For many people a primary home is the major asset in their portfolio, and the only one they can leverage in interesting ways prior to retirement. Some people have already touched on some of the things people can do with primary residences: force appreciation through smart reno, house hack, room rent, HELOC, tax exemptions and mortgage interest write-offs. A renter, while they may have slightly more cash on hand to invest in the short term, often loses out on the massive wealth building tools afforded by home ownership in our society.
Over the years my wife and I have added major gains to our asset portfolio through the cap gains exemption alone. In 2014 we made $75k on the sale of our the first home we bought (2br apt in NYC). And we are about to close on the sale of our previous apartment (3br/2ba NYC apt) which we did a major reno to and will take home about $250k. That's $325k in profit, all tax free, in 6 years. We've moved to NC recently, and are looking at doing some major value add renovations to our house here, which we think should add about another $200k in equity value once we are done, and the appreciation here will likely add even more. Chances are we will stay here for at least 5 years, but regardless of when we decide to move, we know we will have another large chunk of tax free profit to reinvest should we decide to sell our current home again.
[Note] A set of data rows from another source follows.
(* Let $p$ and $q$ be distinct primes and $n=pq$. Let $c_0,\ldots,c_{n-1}$ be integers such that $$\sum_{k=0}^{n-1}c_k\zeta_n^{-k}=\frac{1}{1-\zeta_n^{-1}}.$$ Let $a_0=0$ and, for $j=1,\ldots,n-1$, let $a_j=\frac{1}{\zeta_n^{-j}-1}+\sum_{k=0}^{n-1}c_k\zeta_n^{-jk}$. Then $G=\mathrm{Circ}(a_0,\ldots,a_{n-1})$ is a non-dense circulant (i.e. $a_j=0$ for some $j\in\{1,\ldots,n-1\}$) with universal perfect state transfer.
   Context: $\zeta_n=e^{2\pi\mathtt{i}/n}$. $\mathrm{Circ}(a_0,\ldots,a_{n-1})$ denotes the $n\times n$ matrix $C$ with $C_{j,k}=a_{k-j}$ (indices mod $n$), viewed as the adjacency matrix of a weighted graph. A graph with adjacency matrix $A$ has universal perfect state transfer if for every pair of vertices $v,w$ there is $t>0$ with $|\langle w|e^{-\mathtt{i} At}|v\rangle|=1$. A circulant is dense if $a_j\ne0$ for all $j=1,\ldots,n-1$. *)

From HB Require Import structures.
From mathcomp Require Import all_boot all_order all_algebra.
From mathcomp Require Import all_classical all_reals all_analysis.
From mathcomp Require Import complex.
Set Implicit Arguments. Unset Strict Implicit. Unset Printing Implicit Defensive.
Import Order.TTheory GRing.Theory Num.Theory.
Import numFieldNormedType.Exports.
Local Open Scope ring_scope.
Local Open Scope complex_scope.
But, this is all simply one strategy we've used to build up wealth, and highlights only one area of our overall asset portfolio. The smartest investors I know of think more carefully about spreading out their risk, building safety nets, and never over-extending themselves too far on any single risk. For us, that means that home ownership is one tool we've used to build an ever increasing wealth portfolio. For example, I've worked almost 20 years in a union job and have build up some great retirement benefits, that has taken a huge amount of pressure off us as we think about how to use the resources we have today to maximize our returns. My wife has a very well paid position at this time, and we've been maxing out her retirement contributions, and then looking to save even more in various stock and bond options. We also make sure the only debt we carry long term is related to real estate and we never take on more debt than we have the assets to pay off in case of emergency. Credit cards a tool we use to spend efficiently and build credit scores up. We do not carry balances on high interest cards (we may do that on zero interest cards for short time periods to smooth out cash flow (like when we bought new appliances for our house) if we have the savings to pay off the balance).
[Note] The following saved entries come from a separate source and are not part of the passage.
Lemma coef_bounded_dtwist lam c b : 1 <= lam -> coef_bounded c b ->
  coef_bounded (dtwist lam c) (2 * lam * b).
Proof.
  intros Hl H a. unfold dtwist; simpl.
  assert (Hb : 0 <= b) by (pose proof (Rabs_pos (fst c a)); pose proof (proj1 (H a)); lra).
  assert (Hs : forall f : nat -> R, (forall a, Rabs (f a) <= b) -> Rabs (shift f a) <= b).
  { intros f Hf. destruct a; simpl; [rewrite Rabs_R0; lra | apply Hf]. }
  pose proof (Hs (fst c) (fun a => proj1 (H a))). pose proof (Hs (snd c) (fun a => proj2 (H a))).
  destruct (H a) as [A B].
  split; (eapply Rle_trans; [apply Rabs_triang|]);
    rewrite Rabs_mult; rewrite ?Rabs_Ropp, (Rabs_pos_eq lam) by lra; nra.
Qed.

Lemma coef_bounded_ilam lam c b : 0 <= lam -> coef_bounded c b ->
  coef_bounded (ilam lam c) (lam * b).
Proof.
  intros Hl H a. unfold ilam; simpl. destruct (H a) as [A B].
  rewrite !Rabs_mult, Rabs_Ropp, (Rabs_pos_eq lam) by lra.
  split; apply Rmult_le_compat_l; assumption.
Qed.

Lemma coef_bounded_neg_coef lam n j : 1 <= lam -> (j <= n)%nat ->
  coef_bounded (neg_coef lam n j) ((2 * lam) ^ S n).
Proof.
  intros Hl Hj. unfold neg_coef.
  replace (S n) with (j + (S n - j))%nat at 2 by lia.
  generalize (S n - j)%nat as k. intros k.
  induction j as [|j IH]; simpl.
  - induction k as [|k IHk]; simpl.
    + intros [|a]; simpl; rewrite ?Rabs_R0, ?Rabs_R1; lra.
    + apply coef_bounded_dtwist; assumption.
  - intros a. destruct (coef_bounded_ilam lam _ _ ltac:(lra) (IH ltac:(lia)) a) as [A B].
    assert (0 <= (2 * lam) ^ (j + k)) by (apply pow_le; lra).
    split; nra.
Qed.

(* The coefficients of (∂ + iλ)^k are C(k,a) (iλ)^(k-a); only the modulus λ^k of the
   leading one and the bound (2λ)^k / λ on the others are used. *)
Lemma twisted_coef_head lam k :
  fst (twisted_coef lam k) 0%nat ^ 2 + snd (twisted_coef lam k) 0%nat ^ 2 = lam ^ (2 * k).
Proof.
  induction k as [|k IH]; [simpl; ring|].
  set (c := twisted_coef lam k) in *.
  change (twisted_coef lam (S k)) with (dtwist lam c). unfold dtwist; cbn [fst snd shift].
  replace (2 * S k)%nat with (2 + 2 * k)%nat by lia. rewrite pow_add, <- IH. ring.
Qed.

Lemma twisted_coef_tail lam k a : 1 <= lam -> (1 <= a)%nat ->
  lam * Rabs (fst (twisted_coef lam k) a) <= (2 * lam) ^ k /\
  lam * Rabs (snd (twisted_coef lam k) a) <= (2 * lam) ^ k.
Proof.
  intros Hl. revert a. induction k as [|k IH]; intros a Ha.
  - destruct a as [|a]; [lia|]. simpl. rewrite Rabs_R0. lra.
  - set (c := twisted_coef lam k) in *.
    assert (Hpow : lam ^ k <= (2 * lam) ^ k) by (apply pow_incr; lra).
    assert (Hhead : Rabs (fst c 0%nat) <= lam ^ k /\ Rabs (snd c 0%nat) <= lam ^ k).
    { pose proof (twisted_coef_head lam k) as E. fold c in E.
      assert (Hk : 0 <= lam ^ k) by (apply pow_le; lra).
      rewrite Nat.mul_comm, pow_mult, <- (pow2_abs (fst c 0%nat)), <- (pow2_abs (snd c 0%nat)) in E.
      pose proof (Rabs_pos (fst c 0%nat)). pose proof (Rabs_pos (snd c 0%nat)).
      split; nra. }
    assert (Hshift : forall f : nat -> R, Rabs (f 0%nat) <= lam ^ k ->
              (forall a, (1 <= a)%nat -> lam * Rabs (f a) <= (2 * lam) ^ k) ->
              lam * Rabs (shift f a) <= lam * (2 * lam) ^ k).
    { assert (0 <= (2 * lam) ^ k) by (apply pow_le; lra).
      intros f Hf0 Hf. destruct a as [|[|a]]; [lia | simpl; apply Rmult_le_compat_l; lra |].
      specialize (Hf (S a) ltac:(lia)). simpl. nra. }
    pose proof (Hshift (fst c) (proj1 Hhead) (fun a H => proj1 (IH a H))) as S1.
    pose proof (Hshift (snd c) (proj2 Hhead) (fun a H => proj2 (IH a H))) as S2.
    destruct (IH a Ha) as [A B].
    change (twisted_coef lam (S k)) with (dtwist lam c). unfold dtwist; simpl fst; simpl snd.
    simpl pow.
    split; (eapply Rle_trans; [apply Rmult_le_compat_l; [lra | apply Rabs_triang] |]);
      rewrite Rabs_mult; rewrite ?Rabs_Ropp, (Rabs_pos_eq lam) by lra; nra.
Qed.

Lemma Cmod_p0_ge lam n x M : 1 <= lam ->
  (forall i, (i <= S n)%nat -> Rabs (D i x) <= M) ->
  lam ^ S n * Rabs (chi x) - 4 * (2 ^ n * lam ^ n * M * INR (S n)) <= Cmod (p0 lam n x).
Proof.
  intros Hl HD.
  set (c := twisted_coef lam (S n)).
  set (b := 2 ^ S n * lam ^ n).
  assert (Htail : forall f : nat -> R,
             (forall a, (1 <= a)%nat -> lam * Rabs (f a) <= (2 * lam) ^ S n) ->
             Rabs (comb (fun a => f (S a)) n 1 x) <= b * M * INR (S n)).
  { intros f Hf. apply comb_bound; [|intros i Hi; apply HD; lia].
    intros a. apply Rmult_le_reg_l with lam; [lra|].
    replace (lam * b) with ((2 * lam) ^ S n) by (unfold b; simpl; rewrite Rpow_mult_distr; ring).
    apply Hf; lia. }
  pose proof (Htail (fst c) (fun a Ha => proj1 (twisted_coef_tail lam (S n) a Hl Ha))) as T1.
  pose proof (Htail (snd c) (fun a Ha => proj2 (twisted_coef_tail lam (S n) a Hl Ha))) as T2.
  set (u := (fst c 0%nat * chi x, snd c 0%nat * chi x)).
  set (r := (comb (fun a => fst c (S a)) n 1 x, comb (fun a => snd c (S a)) n 1 x)).
  assert (Ep : p0 lam n x = Cplus u r).
  { unfold p0, cfun. change (neg_coef lam n 0) with c. rewrite !comb_head. reflexivity. }
  assert (Cu : Cmod u = lam ^ S n * Rabs (chi x)).
  { unfold u, Cmod; cbn [fst snd].
    replace ((fst c 0%nat * chi x) ^ 2 + (snd c 0%nat * chi x) ^ 2)
      with ((lam ^ S n * Rabs (chi x)) ^ 2).
    - apply sqrt_pow2. apply Rmult_le_pos; [apply pow_le; lra | apply Rabs_pos].
    - rewrite Rpow_mult_distr, pow2_abs, <- pow_mult, Nat.mul_comm, <- (twisted_coef_head lam (S n)).
      fold c. ring. }
  assert (Cr : Cmod r <= 2 * (b * M * INR (S n))).
  { assert (Hr : Cmod r <= Rabs (comb (fun a => fst c (S a)) n 1 x)
                           + Rabs (comb (fun a => snd c (S a)) n 1 x)) by apply Cmod_le_abs_sum.
    lra. }
  assert (Tr : Cmod u <= Cmod (Cplus u r) + Cmod r).
  { replace u with (Cplus (Cplus u r) (Copp r)) at 1.
    - eapply Rle_trans; [apply Cmod_triangle|]. rewrite Cmod_opp. lra.
    - destruct u, r. unfold Cplus, Copp; simpl. f_equal; ring. }
  replace (4 * (2 ^ n * lam ^ n * M * INR (S n))) with (2 * (b * M * INR (S n)))
    by (unfold b; simpl; ring).
  rewrite Ep. lra.
Qed.

Lemma Hnorm_cfun_le d m N c b M : (forall a, window_supported d (D a)) -> coef_bounded c b ->
  (forall i x, (i <= N + m)%nat -> 0 <= x <= cell_end d -> Rabs (D i x) <= M) ->
  Hnorm d m (cfun N c 0) <= b * M * INR (S N) * sqrt (2 * INR (S m) * cell_end d).
Proof.
  intros Hw Hc HM.
  pose proof (cell_end_ge_1 d) as Hcell.
  assert (Hb : 0 <= b) by (pose proof (Rabs_pos (fst c 0%nat)); pose proof (proj1 (Hc 0%nat)); lra).
  assert (HM0 : 0 <= M) by (pose proof (Rabs_pos (D 0 0)); pose proof (HM 0%nat 0 ltac:(lia) ltac:(lra)); lra).
  set (Y := b * M * INR (S N)).
  assert (HY : 0 <= Y) by (unfold Y; apply Rmult_le_pos; [nra | apply pos_INR]).
  assert (Hk : forall k, (k <= m)%nat -> L2sq d (cDn k (cfun N c 0)) <= cell_end d * (2 * Y ^ 2)).
  { intros k Hkm. rewrite cDn_cfun, L2sq_cfun by exact Hw.
    replace (cell_end d * (2 * Y ^ 2)) with (RInt (fun _ => 2 * Y ^ 2) 0 (cell_end d))
      by (rewrite RInt_const, Rminus_0_r; reflexivity).
    apply RInt_le; [lra | | apply ex_RInt_const |].
    - apply (ex_RInt_continuous (V := R_CompleteNormedModule)). intros; apply continuous_Cmod2_cfun.
    - intros x Hx. rewrite Cmod2_alt. unfold cfun, Re, Im; cbn [fst snd].
      assert (B1 : Rabs (comb (fst c) N k x) <= Y).
      { apply comb_bound; [intros a; apply Hc | intros i Hi; apply HM; lia || lra]. }
      assert (B2 : Rabs (comb (snd c) N k x) <= Y).
      { apply comb_bound; [intros a; apply Hc | intros i Hi; apply HM; lia || lra]. }
      rewrite <- (pow2_abs (comb (fst c) N k x)), <- (pow2_abs (comb (snd c) N k x)).
      pose proof (Rabs_pos (comb (fst c) N k x)). pose proof (Rabs_pos (comb (snd c) N k x)).
      nra. }
  unfold Hnorm. rewrite sum_n_Reals.
  replace (Y * sqrt (2 * INR (S m) * cell_end d))
    with (sqrt (INR (S m) * (cell_end d * (2 * Y ^ 2)))).
  - apply sqrt_le_1_alt. rewrite Rmult_comm, <- sum_cte. apply sum_Rle. exact Hk.
  - pose proof (pos_INR (S m)).
    rewrite <- (sqrt_pow2 Y HY) at 2. rewrite <- sqrt_mult by (apply pow2_ge_0 || nra).
    f_equal. ring.
Qed.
We're not rolling in it Scrooge McDuck style by any means, but we are at a place now in our 40's where we are beginning to enjoy the fruits of our labor and sacrifices made in our 30's. And I also know that our circumstances can be illustrative (and hopefully encouraging) to others, but we're just one example and our situation is not directly applicable to anyone else. There is no one size fits all strategy that will guarantee a stress free, FIRE lifestyle of ease and luxury. But there are definitely way everyone can leverage what they have at this moment and build smartly for the long term. A primary home is one tool that can be used really effectively, but it should never been your only tool. That's like a carpenter who only comes to the job with a wrench in his pocket.